26. The fabric of claim 15, wherein the flame resistant fiber of
the hybrid strands are spun around the filament yarns.
27. A protective garment, comprising: a flame resistant fabric
including: a plurality of flame resistant spun yarns that form a
body of the fabric; and a plurality of hybrid strands provided in
discrete positions within the fabric body, each hybrid strand
including a flame resistant filament yarn and a flame resistant
spun yarn that is combined with the filament yarn.
28. The garment of claim 27, wherein the hybrid strands are
arranged in a grid pattern within the fabric body.
29. The garment of claim 28, wherein the grid pattern is formed by
single hybrid strands.
30. The garment of claim 28, wherein the grid pattern is formed by
groups of two or more hybrid strands that are woven along with each
other in the fabric body.
31. The garment of claim 27, wherein the filament yarns of the
hybrid strands are composed of at least one of meta-aramid,
para-aramid, glass, and polybenzoxazole.
32. The garment of claim 27, wherein the spun yarns of the hybrid
strands are composed of at least one of meta-aramid, para-aramid,
and polybenzimidazole.
33. The garment of claim 27, wherein the spun yarns of the hybrid
strands are twisted with the filament yarns to form the hybrid
strands.
34. The garment of claim 27, wherein the spun yarns of the hybrid
strands are wrapped around the filament yarns to form the hybrid
strands.
35. The garment of claim 27, further comprising a moisture barrier
and a thermal liner.
36. A protective garment, comprising: a flame resistant fabric
including: a plurality of flame resistant spun yarns that form a
body of the fabric; and a plurality of hybrid strands provided in
discrete positions within the fabric body, each hybrid strand
including a flame resistant filament yarn and a plurality of flame
resistant fibers that surround the filament yarn.
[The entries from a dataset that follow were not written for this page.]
Lemma enorm_sub_le_diam A u v : compact A -> A u -> A v -> enorm (u - v) <= vi_diam A.
Proof.
move=> /compact_enorm_bounded[K AK] Au Av; apply: ub_le_sup; last by exists u => //; exists v.
exists (K + K) => _ [u' Au' [v' Av' <-]].
by apply: le_trans (enormD_le _ _) _; rewrite enormN lerD ?AK.
Qed.

Lemma dist_sq_le_diam A u v : compact A -> A u -> A v -> dot (u - v) (u - v) <= vi_diam A ^+ 2.
Proof.
move=> cA Au Av; rewrite -enorm_sq lerXn2r ?nnegrE ?enorm_ge0 ?enorm_sub_le_diam //.
exact: le_trans (enorm_ge0 _) (enorm_sub_le_diam cA Au Av).
Qed.

End BoundedSets.

Section Projection.
Variables (R : realType) (n : nat) (A : set 'rV[R]_n) (P : 'rV[R]_n -> 'rV[R]_n).
Hypotheses (convA : vi_convex A) (projA : is_proj A P).

Lemma proj_obtuse z y : A y -> dot (z - P z) (y - P z) <= 0.
Proof.
move=> Ay; have [APz Pz_min] := projA z.
set e := z - P z; set v := y - P z.
have segment t : z - ((1 - t) *: P z + t *: y) = e - t *: v.
  by apply/rowP => i; rewrite !mxE; ring.
have {}Pz_min u : A u -> enorm e <= enorm (z - u) by exact: Pz_min.
clearbody e v; rewrite leNgt; apply/negP => ev_gt0.
have vv_ge0 := dot_ge0 v.
(* moving from P z towards y by this step would strictly decrease the distance to z *)
set t := dot e v / (dot e v + dot v v).
have den_gt0 : 0 < dot e v + dot v v by lra.
have t_gt0 : 0 < t by rewrite divr_gt0.
have t01 : 0 <= t <= 1 by rewrite ltW //= ler_pdivrMr // mul1r; lra.
have := Pz_min _ (convA APz Ay t01).
rewrite segment ler_enorm !(dotBl, dotBr, dotZl, dotZr) (dotC v e) => min_t.
have : t * dot v v * (dot e v + dot v v) = dot e v * dot v v.
  by rewrite /t; field; rewrite gt_eqF.
have : 2 * dot e v <= t * dot v v.
  have : t * (2 * dot e v - t * dot v v) <= 0 by lra.
  nra.
nra.
Qed.

Lemma proj_dist_le z y : A y -> dot (P z - y) (P z - y) <= dot (z - y) (z - y).
Proof.
move=> Ay; have := proj_obtuse z Ay.
have -> : z - y = (z - P z) - (y - P z) by apply/rowP => i; rewrite !mxE; ring.
have -> : P z - y = - (y - P z) by apply/rowP => i; rewrite !mxE; ring.
move: (z - P z) (y - P z) => e v.
rewrite !(dotBl, dotBr, dotNl, dotNr) (dotC v e) opprK.
have := dot_ge0 e; lra.
Qed.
37. The garment of claim 36, wherein the hybrid strands are
arranged in a grid pattern within the fabric body.
38. The garment of claim 37, wherein the grid pattern is formed by
single hybrid strands.
39. The garment of claim 37, wherein the grid pattern is formed by
groups of two or more hybrid strands that are woven along with each
other in the fabric body.
40. The garment of claim 36, wherein the filament yarns of the
hybrid strands are composed of at least one of meta-aramid,
para-aramid, glass, polybenzoxazole, and carbon.
41. The garment of claim 36, wherein the flame resistant fibers of
the hybrid strands are composed of at least one of meta-aramid,
para-aramid, polybenzimidazole, and polybenzoxazole.
42. The garment of claim 36, wherein the flame resistant fiber of
the hybrid strands are spun around the filament yarns.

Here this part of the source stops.